The Saints had a halftime lead with rookie Spencer Rattler as the starting quarterback. However, they were dominated in the second half by the Buccaneers, resulting in a 51–27 loss. The Saints fell to 2–4. The Saints defense gave up 594 yards, the second-most in a single game in franchise history.

| Quarter | 1 | 2 | 3 | 4 | Total |
|---|---|---|---|---|---|
| Buccaneers | 17 | 7 | 7 | 20 | 51 |
| Saints | 0 | 27 | 0 | 0 | 27 |

====Week 7: vs. Denver Broncos====

Sean Payton returned to New Orleans in a matchup between the Saints and Broncos. The Saints were embarrassed 33–10, falling to 2–5 and marking their first five-game losing streak since 2021.

| Quarter | 1 | 2 | 3 | 4 | Total |
|---|---|---|---|---|---|
| Broncos | 3 | 13 | 10 | 7 | 33 |
| Saints | 0 | 3 | 0 | 7 | 10 |

====Week 8: at Los Angeles Chargers====

For the first time since the 2004 Season, the Saints lost to the Chargers. As a result, the Saints fell to 2–6, marking the first time they lost six consecutive games since 2005.

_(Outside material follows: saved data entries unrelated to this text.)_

Lemma sum_of_four_squares_prime p : prime p -> sum_of_four_squares p.
Proof.
  intros Hp. pose proof (prime_ge_2 p Hp).
  destruct (Z.eq_dec p 2) as [->|H2]; [exists 1, 1, 0, 0; reflexivity|].
  destruct (prime_divide_sum_two_squares_add_one p Hp H2) as (x & y & Hx & Hy & Hx' & Hy' & m & Hm).
  assert (Hmp : 0 < m < p) by nia.
  assert (Hs : sum_of_four_squares (m * p)) by (exists x, y, 1, 0; lia).
  clear x y Hx Hy Hx' Hy' Hm.
  revert Hmp Hs. induction m as [m IH] using (well_founded_induction (Z.lt_wf 0)). intros Hmp Hs.
  destruct (Z.eq_dec m 1) as [->|Hm1]; [rewrite Z.mul_1_l in Hs; exact Hs|].
  destruct Hs as (a & b & c & d & Hs).
  destruct (sum_of_four_squares_descent p m a b c d Hp ltac:(lia) Hs) as (r & Hr & Hsr).
  apply (IH r); [lia | lia | exact Hsr].
Qed.

Theorem sum_of_four_squares_nonneg n : 0 <= n -> sum_of_four_squares n.
Proof.
  induction n as [n IH] using (well_founded_induction (Z.lt_wf 0)). intros Hn.
  destruct (Z_lt_le_dec n 2) as [Hs|Hs].
  - assert (n = 0 \/ n = 1) as [-> | ->] by lia;
      [exists 0, 0, 0, 0 | exists 1, 0, 0, 0]; reflexivity.
  - destruct (prime_dec n) as [Hp|Hp]; [exact (sum_of_four_squares_prime n Hp)|].
    destruct (not_prime_divide n ltac:(lia) Hp) as (a & Ha & b & ->).
    apply sum_of_four_squares_mul; apply IH; nia.
Qed.

Definition sum_list (l : list Z) : Z := fold_right Z.add 0 l.

Lemma sum_list_app l1 l2 : sum_list (l1 ++ l2) = sum_list l1 + sum_list l2.
Proof. induction l1 as [|a l1 IH]; simpl; lia. Qed.

Lemma sum_list_nonneg (l : list Z) : Forall (fun s => 0 <= s) l -> 0 <= sum_list l.
Proof. induction 1; simpl; lia. Qed.

Definition fsum (ts : list term) : term := fold_right tplus tzero ts.

Definition fconj (fs : list pef) : pef := fold_right fand (feq tzero tzero) fs.

Fixpoint fexn (k : nat) (f : pef) : pef :=
  match k with O => f | S k => fex (fexn k f) end.

Definition prepend (l : list Z) (e : nat -> Z) : nat -> Z := fold_right scons e l.

Lemma teval_fsum e ts : teval e (fsum ts) = sum_list (map (teval e) ts).
Proof. induction ts as [|t ts IH]; simpl; congruence. Qed.

Lemma sat_fconj r e fs : sat r e (fconj fs) <-> Forall (sat r e) fs.
Proof.
  induction fs as [|f fs IH]; simpl.
  - split; auto.
  - rewrite Forall_cons_iff, IH. reflexivity.
Qed.

(* The outermost quantifier of [fexn k f] provides the last entry of [l]. *)
Lemma sat_fexn r e k f :
  sat r e (fexn k f) <-> exists l, length l = k /\ sat r (prepend l e) f.
Proof.
  revert e. induction k as [|k IH]; intros e; simpl.
  - split; [exists []; auto | intros ([|z l] & Hl & H); [exact H | discriminate]].
  - split.
    + intros [z Hz]. apply IH in Hz as (l & Hl & H). exists (l ++ [z]). split.
      * rewrite length_app, Hl. simpl. lia.
      * unfold prepend. rewrite fold_right_app. exact H.
    + intros (l & Hl & H). destruct (exists_last (l := l)) as (l' & z & ->).
      { intros ->. discriminate. }
      rewrite length_app in Hl. simpl in Hl.
      exists z. apply IH. exists l'. split; [lia|].
      unfold prepend in H. rewrite fold_right_app in H. exact H.
Qed.

Lemma map_prepend_seq l e : map (prepend l e) (seq 0 (length l)) = l.
Proof.
  induction l as [|z l IH]; [reflexivity|].
  simpl. rewrite <- seq_shift, map_map. f_equal. exact IH.
Qed.

Lemma prepend_add_length l e n : prepend l e (length l + n) = e n.
Proof. induction l as [|z l IH]; [reflexivity | exact IH]. Qed.

Definition vars (k : nat) : list term := map tvar (seq 0 k).

Lemma teval_vars l e : map (teval (prepend l e)) (vars (length l)) = l.
Proof. unfold vars. rewrite map_map. apply map_prepend_seq. Qed.

Definition P2_or_zero (r s : Z) : Prop := s = 0 \/ P2 r s.

Definition sum_of_P2_or_zero (r : Z) (k : nat) (n : Z) : Prop :=
  exists l, length l = k /\ Forall (P2_or_zero r) l /\ sum_list l = n.

Definition P2_or_zero_formula (t : term) : pef := for_ (feq t tzero) (fR2 t).

Lemma sat_P2_or_zero_vars r l e :
  Forall (fun t => sat r (prepend l e) (P2_or_zero_formula t)) (vars (length l))
  <-> Forall (P2_or_zero r) l.
Proof.
  pose proof (Forall_map (teval (prepend l e)) (P2_or_zero r) (vars (length l))) as H.
  rewrite teval_vars in H. exact (iff_sym H).
Qed.

(* Under the [k] quantifiers the free variables [x = tvar 0] and [y = tvar 1] are
   [tvar k] and [tvar (S k)]. *)
Definition le_formula (k : nat) : pef :=
  fexn k (fand (feq (tplus (tplus (tvar k) (tvar k)) (fsum (vars k)))
                    (tplus (tvar (S k)) (tvar (S k))))
               (fconj (map P2_or_zero_formula (vars k)))).

Lemma sat_le_formula r e k :
  sat r e (le_formula k) <-> sum_of_P2_or_zero r k (2 * e 1%nat - 2 * e 0%nat).
Proof.
  unfold le_formula, sum_of_P2_or_zero. rewrite sat_fexn. cbn [sat teval].
  apply Morphisms_Prop.ex_iff_morphism. intros l.
  split; intros (<- & H1 & H2); (split; [reflexivity|]).
  all: rewrite sat_fconj, teval_fsum, teval_vars, Forall_map, sat_P2_or_zero_vars in *.
  all: rewrite <- (prepend_add_length l e 0), <- (prepend_add_length l e 1),
      Nat.add_0_r, Nat.add_1_r in *.
  - split; [exact H2 | lia].
  - split; [lia | exact H1].
Qed.

Lemma sum_of_P2_or_zero_nonneg r k n : sum_of_P2_or_zero r k n -> 0 <= n.
Proof.
  intros (l & _ & Hl & <-). apply sum_list_nonneg.
  eapply Forall_impl; [|exact Hl]. intros s [-> | [[z ->] _]]; [lia | apply Z.square_nonneg].
Qed.

Lemma P2_one r : 2 <= r -> P2 r 1.
Proof. intros Hr. split; [exists 1; reflexivity|]. intros D%Z.divide_1_r. lia. Qed.

(* [(z + u)^2 - z^2 = 2uz + 1 =: w], and [1 = 2w - w^2 + 4z^2]. *)
Lemma not_divide_square_neighbor r z u : 2 <= r -> u * u = 1 ->
  (r | z * z) -> ~ (r | (z + u) * (z + u)).
Proof.
  intros Hr Hu Dz Dzu.
  assert (Dw : (r | 2 * u * z + 1)).
  { replace (2 * u * z + 1) with ((z + u) * (z + u) - z * z) by nia.
    apply Z.divide_sub_r; assumption. }
  assert (D1 : (r | 1)).
  { replace 1 with (2 * (2 * u * z + 1) - (2 * u * z + 1) * (2 * u * z + 1) + 4 * (z * z)) by nia.
    apply Z.divide_add_r; [apply Z.divide_sub_r|]; apply Z.divide_mul_r; assumption. }
  apply Z.divide_1_r in D1. lia.
Qed.

Lemma sum_of_P2_or_zero_add r k1 k2 n1 n2 :
  sum_of_P2_or_zero r k1 n1 -> sum_of_P2_or_zero r k2 n2 -> sum_of_P2_or_zero r (k1 + k2) (n1 + n2).
Proof.
  intros (l1 & <- & H1 & <-) (l2 & <- & H2 & <-). exists (l1 ++ l2).
  rewrite length_app, Forall_app, sum_list_app. auto.
Qed.

Lemma sum_of_P2_or_zero_double_square_succ r z : 2 <= r ->
  sum_of_P2_or_zero r 4 (2 * (z * z + 1)).
Proof.
  intros Hr. destruct (Zdivide_dec r (z * z)) as [D|D].
  - exists [(z + 1) * (z + 1); (z + -1) * (z + -1); 0; 0].
    split; [reflexivity|]. split; [|cbn [sum_list fold_right]; ring].
    apply Forall_forall. intros s Hs. simpl in Hs.
    destruct Hs as [<- | [<- | [<- | [<- | []]]]]; [right .. | left; reflexivity | left; reflexivity].
    all: split; [eexists; reflexivity|].
    all: apply (not_divide_square_neighbor r z); [lia | reflexivity | exact D].
  - exists [z * z; z * z; 1; 1].
    split; [reflexivity|]. split; [|cbn [sum_list fold_right]; ring].
    apply Forall_forall. intros s Hs. simpl in Hs. right.
    destruct Hs as [<- | [<- | [<- | [<- | []]]]]; try (apply P2_one; exact Hr).
    all: split; [exists z; reflexivity | exact D].
Qed.

Definition zero_or_square_succ (t : Z) : Prop := t = 0 \/ exists z, t = z * z + 1.

Lemma sum_four_zero_or_square_succ n : 0 <= n -> exists t1 t2 t3 t4,
  zero_or_square_succ t1 /\ zero_or_square_succ t2 /\ zero_or_square_succ t3 /\
  zero_or_square_succ t4 /\ n = t1 + t2 + t3 + t4.
Proof.
  intros Hn.
  assert (Z0 : zero_or_square_succ 0) by (left; reflexivity).
  assert (Z1 : zero_or_square_succ 1) by (right; exists 0; reflexivity).
  destruct (Z_lt_le_dec n 4) as [Hs|Hs].
  - assert (n = 0 \/ n = 1 \/ n = 2 \/ n = 3) as [-> | [-> | [-> | ->]]] by lia;
      [exists 0, 0, 0, 0 | exists 1, 0, 0, 0 | exists 1, 1, 0, 0 | exists 1, 1, 1, 0];
      repeat split; assumption.
  - destruct (sum_of_four_squares_nonneg (n - 4) ltac:(lia)) as (a & b & c & d & E).
    exists (a * a + 1), (b * b + 1), (c * c + 1), (d * d + 1).
    repeat split; try (right; eexists; reflexivity). lia.
Qed.

Lemma sum_of_P2_or_zero_double r t : 2 <= r -> zero_or_square_succ t ->
  sum_of_P2_or_zero r 4 (2 * t).
Proof.
  intros Hr [-> | [z ->]].
  - exists [0; 0; 0; 0]. split; [reflexivity|]. split; [|reflexivity].
    repeat constructor.
  - apply sum_of_P2_or_zero_double_square_succ. exact Hr.
Qed.

Lemma sum_of_sixteen_P2_or_zero r n : 2 <= r -> 0 <= n -> sum_of_P2_or_zero r 16 (2 * n).
Proof.
  intros Hr Hn.
  destruct (sum_four_zero_or_square_succ n Hn) as (t1 & t2 & t3 & t4 & T1 & T2 & T3 & T4 & ->).
  replace (2 * (t1 + t2 + t3 + t4)) with ((2 * t1 + 2 * t2) + (2 * t3 + 2 * t4)) by ring.
  apply (sum_of_P2_or_zero_add r 8 8); apply (sum_of_P2_or_zero_add r 4 4);
    apply sum_of_P2_or_zero_double; assumption.
Qed.

Theorem proposition1p4 :
  exists phi : pef,
    forall r : Z, 2 <= r ->
      forall e : nat -> Z, sat r e phi <-> e 0%nat <= e 1%nat.
Proof.
  exists (le_formula 16). intros r Hr e. rewrite sat_le_formula. split.
  - intros H%sum_of_P2_or_zero_nonneg. lia.
  - intros Hle. replace (2 * e 1%nat - 2 * e 0%nat) with (2 * (e 1%nat - e 0%nat)) by ring.
    apply sum_of_sixteen_P2_or_zero; lia.
Qed.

| Quarter | 1 | 2 | 3 | 4 | Total |
|---|---|---|---|---|---|
| Saints | 2 | 3 | 3 | 0 | 8 |
| Chargers | 0 | 9 | 7 | 10 | 26 |

====Week 9: at Carolina Panthers====

Quarterback Derek Carr returned to the starting lineup, but the Saints lost to the Panthers, marking the first time since the 1999 season to suffer a seven-game losing streak after falling to 2–7. This loss resulted in head coach Dennis Allen being fired.

| Quarter | 1 | 2 | 3 | 4 | Total |
|---|---|---|---|---|---|
| Saints | 6 | 7 | 3 | 6 | 22 |
| Panthers | 0 | 10 | 7 | 6 | 23 |

====Week 10: vs. Atlanta Falcons====

The Saints hosted the visiting Atlanta Falcons. With Younghoe Koo's three missed field goals, the Saints were able to hold on their lead for the whole game. After tackling one of the wide receivers for the Falcons, the Saints won 20–17 and snapped their seven-game losing streak to improve to 3–7, starting 1–0 under interim head coach Darren Rizzi.

| Quarter | 1 | 2 | 3 | 4 | Total |
|---|---|---|---|---|---|
| Falcons | 0 | 7 | 10 | 0 | 17 |
| Saints | 0 | 17 | 3 | 0 | 20 |

====Week 11: vs. Cleveland Browns====

The Saints faced their former teammate, Jameis Winston, and the Cleveland Browns. After being tied in the third quarter, Derek Carr and Taysom Hill rallied to 21 points in the fourth quarter, resulting in a 35–14 win. This improves their record to 4–7 and 2–0 under Rizzi.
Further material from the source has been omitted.